TASK:
The data below holds a line containing "exists k, (k <= e)%N /\ walk x y k." and a line containing "with pi^k o^2"; please quote exactly those two lines and every line between them, and nothing else.

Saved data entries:
Definition adj (F : fieldType) (v : F -> int) (x y : vertex v) : Prop :=
  exists (L L' : vset F) (pi : F),
    sval x L /\ sval y L' /\ pi != 0 /\ v pi = 1 /\
    strict_sub (scale_set pi L) L' /\ strict_sub L' L.

Fixpoint walk (F : fieldType) (v : F -> int) (x y : vertex v) (k : nat) : Prop :=
  match k with
  | O => x = y
  | S k' => exists z, adj x z /\ walk z y k'
  end.

Definition dist_is (F : fieldType) (v : F -> int) (x y : vertex v) (n : nat) : Prop :=
  walk x y n /\ forall k, (k < n)%N -> ~ walk x y k.

Definition dist_le (F : fieldType) (v : F -> int) (x y : vertex v) (e : nat) : Prop :=
  exists k, (k <= e)%N /\ walk x y k.

Definition isAut (F : fieldType) (v : F -> int) (f : vertex v -> vertex v) : Prop :=
  bijective f /\ forall x y n, dist_is x y n <-> dist_is (f x) (f y) n.

Definition induced_by (F : fieldType) (v : F -> int) (g : 'M[F]_2)
  (f : vertex v -> vertex v) : Prop :=
  forall (x : vertex v) (L : vset F), sval x L -> sval (f x) (img_set g L).

Definition inPGL (F : fieldType) (v : F -> int) (f : vertex v -> vertex v) : Prop :=
  exists g : 'M[F]_2, g \in unitmx /\ induced_by g f.

Definition in_ball (F : fieldType) (v : F -> int) (x1 x2 : vertex v) (e : nat)
  (y : vertex v) : Prop := dist_le y x1 e \/ dist_le y x2 e.

Definition Ghat (F : fieldType) (v : F -> int) (e : nat)
  (f : vertex v -> vertex v) : Prop :=
  isAut f /\
  forall x1 x2 : vertex v, adj x1 x2 ->
    exists f' : vertex v -> vertex v, inPGL f' /\
      forall y, in_ball x1 x2 e y -> f y = f' y.

From HB Require Import structures.
From mathcomp Require Import all_boot all_order all_algebra.
From mathcomp Require Import ring zify.
From Stdlib Require Import FunctionalExtensionality PropExtensionality ProofIrrelevance.
From Stdlib Require Import ClassicalEpsilon Classical.
Set Implicit Arguments. Unset Strict Implicit. Unset Printing Implicit Defensive.
Import Order.TTheory GRing.Theory Num.Theory.
Local Open Scope ring_scope.

(* The inclusions  PGL_2(F) <= Ghat (e+1) <= Ghat e <= Aut(X)  are formal: a
   matrix g induces a tree automorphism (invmx g induces its inverse, and both
   map walks to walks), it agrees with itself on every ball, and balls grow
   with e.  The content of the theorem is that an automorphism f lying in
   every Ghat e is induced by a matrix.

   Let x0 = [o^2] be the base vertex and pi a uniformizer.  Applying the
   hypothesis to one edge at x0 gives matrices g_n inducing f on the ball of
   radius n+1 around x0.  Two matrices inducing the same map on the ball of
   radius m around x0 differ by an element of F^x (1 + pi^m M_2(o)), because
   they agree at x0 and at three test vertices at distance m.  So the g_n,
   suitably rescaled, are P_n g_0 with (P_n) Cauchy in M_2(o); by completeness
   P_n -> P.  Finally a vertex at distance k from x0 has a representative L
   with pi^k o^2 <= L <= o^2, which the congruence subgroup 1 + pi^k M_2(o)
   fixes; hence P g_0 and g_k induce the same class on it, and P g_0 induces f. *)

Section Tree.
Variable (F : fieldType) (v : F -> int).
Hypothesis vM : forall x y : F, x != 0 -> y != 0 -> v (x * y) = v x + v y.
Hypothesis vU : forall x y : F, x != 0 -> y != 0 -> x + y != 0 ->
      Num.min (v x) (v y) <= v (x + y).

Implicit Types (g : 'M[F]_2) (c d : F).

Definition vge (m : int) (x : F) := x = 0 \/ m <= v x.

Lemma v1 : v 1 = 0.
Proof.
have twice : forall a : int, a = a + a -> a = 0 by move=> a; lia.
by apply: twice; have := vM (oner_neq0 F) (oner_neq0 F); rewrite mulr1.
Qed.

Lemma vN1 : v (-1) = 0.
Proof.
have n1 : (-1 : F) != 0 by rewrite oppr_eq0 oner_neq0.
have twice : forall a : int, 0 = a + a -> a = 0 by move=> a; lia.
by apply: twice; have := vM n1 n1; rewrite mulrNN mulr1 v1.
Qed.

Lemma vN x : v (- x) = v x.
Proof.
have [->|nx] := eqVneq x 0; first by rewrite oppr0.
have n1 : (-1 : F) != 0 by rewrite oppr_eq0 oner_neq0.
by rewrite -mulN1r vM // vN1 add0r.
Qed.

Lemma vV x : x != 0 -> v (x^-1) = - v x.
Proof.
move=> nx; have ni : x^-1 != 0 by rewrite invr_eq0.
have opp : forall a b : int, 0 = a + b -> b = - a by move=> a b; lia.
by apply: opp; have := vM nx ni; rewrite mulfV // v1.
Qed.

Lemma vX pi n : pi != 0 -> v pi = 1 -> pi ^+ n != 0 /\ v (pi ^+ n) = n%:Z.
Proof.
move=> np vp; elim: n => [|n [nz IH]]; first by rewrite expr0 oner_neq0 v1.
rewrite exprS mulf_neq0 //; split => //; rewrite vM // vp IH; lia.
Qed.

Lemma vge0 m : vge m 0. Proof. by left. Qed.

Lemma vge1 m : m <= 0 -> vge m 1.
Proof. by move=> h; right; rewrite v1. Qed.

Lemma vge_le m n x : n <= m -> vge m x -> vge n x.
Proof. move=> h [->|h2]; [by left|right; lia]. Qed.

Lemma vgeD m x y : vge m x -> vge m y -> vge m (x + y).
Proof.
move=> [->|hx]; first by rewrite add0r.
move=> [->|hy]; first by rewrite addr0; right.
have [e0|ne] := eqVneq (x + y) 0; first by left.
have [->|nx] := eqVneq x 0; first by rewrite add0r; right.
have [->|ny] := eqVneq y 0; first by rewrite addr0; right.
right; have := vU nx ny ne.
case: (leP (v x) (v y)) => _; lia.
Qed.

Lemma vgeN m x : vge m x -> vge m (- x).
Proof. move=> [->|h]; [by rewrite oppr0; left|by right; rewrite vN]. Qed.

Lemma vgeB m x y : vge m x -> vge m y -> vge m (x - y).
Proof. by move=> hx hy; apply: vgeD => //; apply: vgeN. Qed.

Lemma vgeM m n x y : vge m x -> vge n y -> vge (m + n) (x * y).
Proof.
move=> [->|hx]; first by rewrite mul0r; left.
move=> [->|hy]; first by rewrite mulr0; left.
have [->|nx] := eqVneq x 0; first by rewrite mul0r; left.
have [->|ny] := eqVneq y 0; first by rewrite mulr0; left.
right; rewrite vM //; lia.
Qed.
(* Generalized Mycielskian M_m(G): vertex <i,j> is [Some (i, j)] with
   i : 'I_(m.+1) (levels 0..m), j : T; the apex u is [None]. *)
Definition mycielskian (T : finType) (e : rel T) (m : nat)
  : rel (option ('I_m.+1 * T)) :=
  fun x y =>
    match x, y with
    | Some (i, j), Some (i', k) =>
        e j k && [|| ((i == 0 :> nat) && (i' == 0 :> nat)),
                     (i.+1 == i' :> nat) | (i'.+1 == i :> nat)]
    | Some (i, _), None => i == m :> nat
    | None, Some (i, _) => i == m :> nat
    | None, None => false
    end.
Arguments mycielskian {T} e m.

(* If G is 2-coloured, colour every level of M_m(G) like G and the apex with a third
   colour: since m > 0 this is a proper 3-colouring of a triangle-free graph, and both
   properties pull back to the product along the first projection.  A triangle-free
   graph with a proper colouring by 0, 1, 2 is a cover graph: orient its edges upwards
   in colour, and also put x < z when col x = 0, col z = 2 and x, z have a common
   neighbour.

   Conversely, fix a cover order and count the up-steps of walks in its Hasse diagram.
   On a 4-cycle both routes between opposite corners have the same number of up-steps,
   so changing a walk at isolated times keeps its count.  M_m(G) has a closed walk of
   odd length N through the apex that oscillates on an edge xy of G at level 0; pair it
   in the product with such a walk of M_n(H) on an edge x'y'.  Going around an odd
   cycle of G, moving alternately the tail and the head of the edge, turns xy into yx
   without changing the count; likewise in H.  This yields the reversed walk, whose
   up-steps are the down-steps of the original one, so N would be even. *)

From mathcomp Require Import all_boot zify.
From Stdlib Require Import Classical.
Set Implicit Arguments. Unset Strict Implicit. Unset Printing Implicit Defensive.

Definition triangle_free (V : finType) (adj : rel V) : Prop :=
  forall p q r, adj p q -> adj q r -> adj p r -> False.

Section ThreeColourable.
Variables (V : finType) (adj : rel V) (col : V -> nat).
Hypotheses (adj_sym : symmetric adj) (adj_tri : triangle_free adj).
Hypotheses (col_proper : forall p q, adj p q -> col p != col q) (col_le2 : forall p, col p <= 2).

(* The 0-2 pairs joined by a path of length 2 are needed for transitivity. *)
Definition col_lt : rel V := fun p q =>
  (adj p q && (col p < col q)) ||
  [&& col p == 0, col q == 2 & [exists r, adj p r && adj r q]].

Lemma col_lt_col p q : col_lt p q -> col p < col q.
Proof. by case/orP=> [/andP[_ ->] // | /and3P[/eqP-> /eqP-> _]]. Qed.

Lemma col_lt_below2 p q : col p < col q -> col q < 2 -> col_lt p q = adj p q.
Proof.
move=> lt_pq lt_q2; have q_ne2 : col q == 2 = false by lia.
by rewrite /col_lt lt_pq andbT q_ne2 andbF orbF.
Qed.

Lemma col_lt_above0 p q : col p < col q -> 0 < col p -> col_lt p q = adj p q.
Proof. by move=> lt_pq gt_p0; rewrite /col_lt lt_pq andbT eqn0Ngt gt_p0 orbF. Qed.

Lemma col_lt_irr : irreflexive col_lt.
Proof. by move=> p; apply/negbTE/negP => /col_lt_col; rewrite ltnn. Qed.

Lemma col_lt_trans : transitive col_lt.
Proof.
move=> q p r lt_pq lt_qr.
have c_pq := col_lt_col lt_pq; have c_qr := col_lt_col lt_qr; have c_r := col_le2 r.
have adj_pq : adj p q by rewrite -(col_lt_below2 c_pq) //; lia.
have adj_qr : adj q r by rewrite -(col_lt_above0 c_qr) //; lia.
apply/orP; right; apply/and3P; split; [apply/eqP; lia | apply/eqP; lia |].
by apply/existsP; exists q; rewrite adj_pq adj_qr.
Qed.

Lemma adj_covers p q : adj p q -> col p < col q -> covers col_lt p q.
Proof.
move=> adj_pq c_pq; apply/andP; split; first by rewrite /col_lt adj_pq c_pq.
apply/forallP=> z; apply/negP=> /andP[lt_pz lt_zq].
have c_pz := col_lt_col lt_pz; have c_zq := col_lt_col lt_zq; have c_q := col_le2 q.
have adj_pz : adj p z by rewrite -(col_lt_below2 c_pz) //; lia.
have adj_zq : adj z q by rewrite -(col_lt_above0 c_zq) //; lia.
exact: adj_tri adj_pz adj_zq adj_pq.
Qed.

Lemma covers_adj p q : covers col_lt p q -> adj p q.
Proof.
case/andP=> /orP[/andP[] // | /and3P[/eqP c_p /eqP c_q /existsP[r /andP[adj_pr adj_rq]]]].
have c_r : col r = 1.
  by have := col_proper adj_pr; have := col_proper adj_rq; have := col_le2 r; lia.
move=> /forallP /(_ r).
by rewrite col_lt_below2 ?col_lt_above0 ?c_p ?c_q ?c_r ?adj_pr ?adj_rq.
Qed.

Lemma triangle_free_3colourable_cover_graph : is_cover_graph adj.
Proof.
exists col_lt; split; [exact: col_lt_irr | split; first exact: col_lt_trans].
move=> p q; apply/idP/idP => [adj_pq | /orP[/covers_adj // | /covers_adj]]; last by rewrite adj_sym.
case: (ltngtP (col p) (col q)) (col_proper adj_pq) => // c_pq _.
- by rewrite adj_covers.
- by rewrite (@adj_covers q p) ?orbT // adj_sym.
Qed.
Lemma inY_exists : laur_in_ps (a 0%N) -> laur_in_winv_ps (a 1%N) ->
  ser_res a = minus_half_lam -> exists r, inY a r.
Proof.
move=> a0 a1 ares.
pose c := Fps (fun i => if i is j.+1
  then laurent_polar_antideriv (fcoef (fps_of_ser a) j.+2) else 0).
have c0 : fcoef c 0 = 0 by [].
pose R := fps_exp (fun i => laurent_cst (i.+1%:R^-1)) c.
have R0 : fcoef R 0 = 1 := fcoef_exp0 _ _.
have [S RS] : exists S, R * S = 1 by apply: (@fps_rinv_exists _ R 1); rewrite R0 mulr1.
have S0 : fcoef S 0 = 1 by rewrite -[LHS]mul1r -R0 -fcoefM0 RS.
have logR : S * fps_wderiv R = fps_wderiv c.
  rewrite /fps_wderiv (fps_map_exp (@laurent_inv_natP K) (@laurent_derivM K)) //.
  by rewrite mulrA (mulrC S) RS mul1r.
exists (ser_of_fps R).
have RS' : fps_of_ser (ser_of_fps R) * S = 1 by rewrite ser_of_fpsK.
rewrite (inYE (ser_of_fps_valid R) RS') ser_of_fpsK; split.
  by apply: (ps_unit1_of_fps RS); rewrite ?R0 ?S0; apply: vanishes_below_cst.
rewrite /inY_fps /a_prime_fps logR; split.
  case=> [|[|j]] n ltn; rewrite /ser_of_fps fcoefD lvalD lval_fps_of_ser //.
  - by rewrite fcoef_lam0 lval0 addr0 a0 //; lia.
  - by rewrite fcoef_lamS fcoef_map c0 raddf0 lval0 addr0 a1.
  rewrite fcoef_lamS -[lval _ n]/(laur_deriv (polar_antideriv (lval (fcoef (fps_of_ser a) j.+2))) n).
  by rewrite laur_deriv_polar_antideriv // lval_fps_of_ser // subrr.
rewrite -ares; apply: funext => i; rewrite ser_resD ser_res_lam fps_of_serK //.
by case: i => [|i]; rewrite ?ser_res_wderiv addr0.
Qed.

End SetY.

Theorem lemma4p8 (R : realType) (t d : ps R[i]) (a : ser R[i]) :
  disc t d 0%N = 0 ->
  disc t d 1%N != 0 ->
  ser_valid a ->
  spectral_a0 t d (a 0%N) ->
  (forall g r, ps2_unit g -> inY a r -> inY a (ser_mul g r)) /\
  ((forall r, ~ inY a r) \/
   exists r0, inY a r0 /\
     forall r, inY a r <-> exists g, ps2_unit g /\ r = ser_mul g r0) /\
  ((exists r, inY a r) <->
   (laur_in_winv_ps (a 1%N) /\ ser_res a = minus_half_lam)).
Proof.
move=> _ _ va [Z [_ _ a0 _]].
split; first by move=> g r; apply: inY_mul.
split.
  have [[r0 Yr0]|noY] := pselect (exists r, inY a r); [right|left].
    exists r0; split=> // r; split; first by move=> Yr; apply: inY_orbit.
    by case=> g [g0 ->]; apply: inY_mul.
  by move=> r Yr; apply: noY; exists r.
split; first by case=> r; apply: inY_necessary.
by case=> a1 ares; apply: inY_exists.
Qed.
Lemma window_le_n : (H + m <= n)%N.
Proof.
have r0 := hr0; have r_small := r_le; have xi_big := xi_ge.
have [_ xi_le_nt] := xi_le_mean; have mu_le := hmu; have hH := hH_hi; have hm := hm_hi.
have hxr_le : xi0 * r <= xi0 * (1/90) by apply: ler_wpM2l; lra.
have hm_xr : m%:R <= (xi0 * r) * (r * m%:R).
  have -> : (xi0 * r) * (r * m%:R) = xi0 * r ^+ 2 * m%:R by ring.
  by rewrite hxr ler_peMl.
have : (xi0 * r) * (r * m%:R) <= (xi0 * r) * (1/330 + 1/90).
  by apply: ler_wpM2l; [rewrite mulr_ge0 //; lra | lra].
by rewrite -(ler_nat R) natrD; lra.
Qed.

Lemma window_width_le : (m%:R + 2) * (11/2 * xi0 * r + m%:R + 2) <= 11/50 * xi0.
Proof.
have r0 := hr0; have r_small := r_le; have xi_big := xi_ge; have hm := hm_hi.
have hru : r * (m%:R + 2) <= 1/330 + 1/30 by lra.
have ru0 : 0 <= r * (m%:R + 2) by rewrite mulr_ge0 //; lra.
have h1 : xi0 * (r * (m%:R + 2)) <= xi0 * (1/330 + 1/30) by apply: ler_wpM2l => //; lra.
have h2 : (m%:R + 2) ^+ 2 <= xi0 * (r * (m%:R + 2)) ^+ 2.
  by rewrite exprMn mulrA hxr ler_peMl ?sqr_ge0.
have h3 : (r * (m%:R + 2)) ^+ 2 <= (1/330 + 1/30) * (1/330 + 1/30) by rewrite expr2 ler_pM.
have h4 : xi0 * (r * (m%:R + 2)) ^+ 2 <= xi0 * ((1/330 + 1/30) * (1/330 + 1/30)).
  by rewrite ler_wpM2l //; lra.
have -> : (m%:R + 2) * (11/2 * xi0 * r + m%:R + 2)
    = 11/2 * (xi0 * (r * (m%:R + 2))) + (m%:R + 2) ^+ 2 by ring.
lra.
Qed.

Lemma window_pmf_ge (l i : nat) : (l <= 2)%N -> (l <= H)%N -> (1 <= i <= m)%N ->
  binom_pmf n qk (H - l) / 2 <= binom_pmf n qk (H + i).
Proof.
move=> hl2 hlH /andP[hi1 him].
have [qk01 hD] : 0 < qk < 1 /\ 11/25 * xi0 <= n%:R * qk * (1 - qk).
  by apply: binom_var_ge; move: hH_lo hH_hi; lra.
set D := n%:R * qk * (1 - qk) in hD *.
set beta := 11/2 * xi0 * r + m%:R + 2.
have r0 := hr0; have xi_big := xi_ge; have D0 : 0 < D by lra.
have beta0 : 0 <= beta by rewrite /beta !addr_ge0 // !mulr_ge0 //; lra.
have hb : beta <= beta / D * D by rewrite divfK ?gt_eqF.
have hwidth : (m%:R + 2) * (beta / D) <= 1/2.
  by rewrite mulrA ler_pdivrMr //; have := window_width_le; rewrite -/beta; lra.
have hd0 : 0 <= beta / D by rewrite divr_ge0 // ltW.
have hd1 : beta / D <= 1.
  have : 0 <= m%:R * (beta / D) by rewrite mulr_ge0.
  by move: hwidth; rewrite mulrDl; lra.
have hN : (H - l + (l + m) <= n)%N by rewrite addnA subnK ?window_le_n.
have hJ : (H - l + (l + m))%:R <= n%:R * qk + beta.
  by rewrite addnA subnK // natrD /beta; move: hH_hi; lra.
have hlim : (l + i <= l + m)%N by rewrite leq_add2l.
have := binom_pmf_shift_ge hqk qk01 hd0 hd1 hb hN hJ hlim.
rewrite addnA subnK // => hshift.
have hli : (l + i)%:R * (beta / D) <= 1/2.
  by apply: le_trans hwidth; rewrite ler_wpM2r // -(natrD R m 2) ler_nat addnC leq_add.
have hf0 := binom_pmf_ge0 n hqk (H - l).
have : binom_pmf n qk (H - l) * (1/2)
    <= binom_pmf n qk (H - l) * (1 - (l + i)%:R * (beta / D)) by rewrite ler_wpM2l //; lra.
by move: hshift; rewrite mulrC; lra.
Qed.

RESULT OF THIS EXERCISE:
  exists k, (k <= e)%N /\ walk x y k.

Definition isAut (F : fieldType) (v : F -> int) (f : vertex v -> vertex v) : Prop :=
  bijective f /\ forall x y n, dist_is x y n <-> dist_is (f x) (f y) n.

Definition induced_by (F : fieldType) (v : F -> int) (g : 'M[F]_2)
  (f : vertex v -> vertex v) : Prop :=
  forall (x : vertex v) (L : vset F), sval x L -> sval (f x) (img_set g L).

Definition inPGL (F : fieldType) (v : F -> int) (f : vertex v -> vertex v) : Prop :=
  exists g : 'M[F]_2, g \in unitmx /\ induced_by g f.

Definition in_ball (F : fieldType) (v : F -> int) (x1 x2 : vertex v) (e : nat)
  (y : vertex v) : Prop := dist_le y x1 e \/ dist_le y x2 e.

Definition Ghat (F : fieldType) (v : F -> int) (e : nat)
  (f : vertex v -> vertex v) : Prop :=
  isAut f /\
  forall x1 x2 : vertex v, adj x1 x2 ->
    exists f' : vertex v -> vertex v, inPGL f' /\
      forall y, in_ball x1 x2 e y -> f y = f' y.

From HB Require Import structures.
From mathcomp Require Import all_boot all_order all_algebra.
From mathcomp Require Import ring zify.
From Stdlib Require Import FunctionalExtensionality PropExtensionality ProofIrrelevance.
From Stdlib Require Import ClassicalEpsilon Classical.
Set Implicit Arguments. Unset Strict Implicit. Unset Printing Implicit Defensive.
Import Order.TTheory GRing.Theory Num.Theory.
Local Open Scope ring_scope.

(* The inclusions  PGL_2(F) <= Ghat (e+1) <= Ghat e <= Aut(X)  are formal: a
   matrix g induces a tree automorphism (invmx g induces its inverse, and both
   map walks to walks), it agrees with itself on every ball, and balls grow
   with e.  The content of the theorem is that an automorphism f lying in
   every Ghat e is induced by a matrix.

   Let x0 = [o^2] be the base vertex and pi a uniformizer.  Applying the
   hypothesis to one edge at x0 gives matrices g_n inducing f on the ball of
   radius n+1 around x0.  Two matrices inducing the same map on the ball of
   radius m around x0 differ by an element of F^x (1 + pi^m M_2(o)), because
   they agree at x0 and at three test vertices at distance m.  So the g_n,
   suitably rescaled, are P_n g_0 with (P_n) Cauchy in M_2(o); by completeness
   P_n -> P.  Finally a vertex at distance k from x0 has a representative L
   with pi^k o^2 <= L <= o^2, which the congruence subgroup 1 + pi^k M_2(o)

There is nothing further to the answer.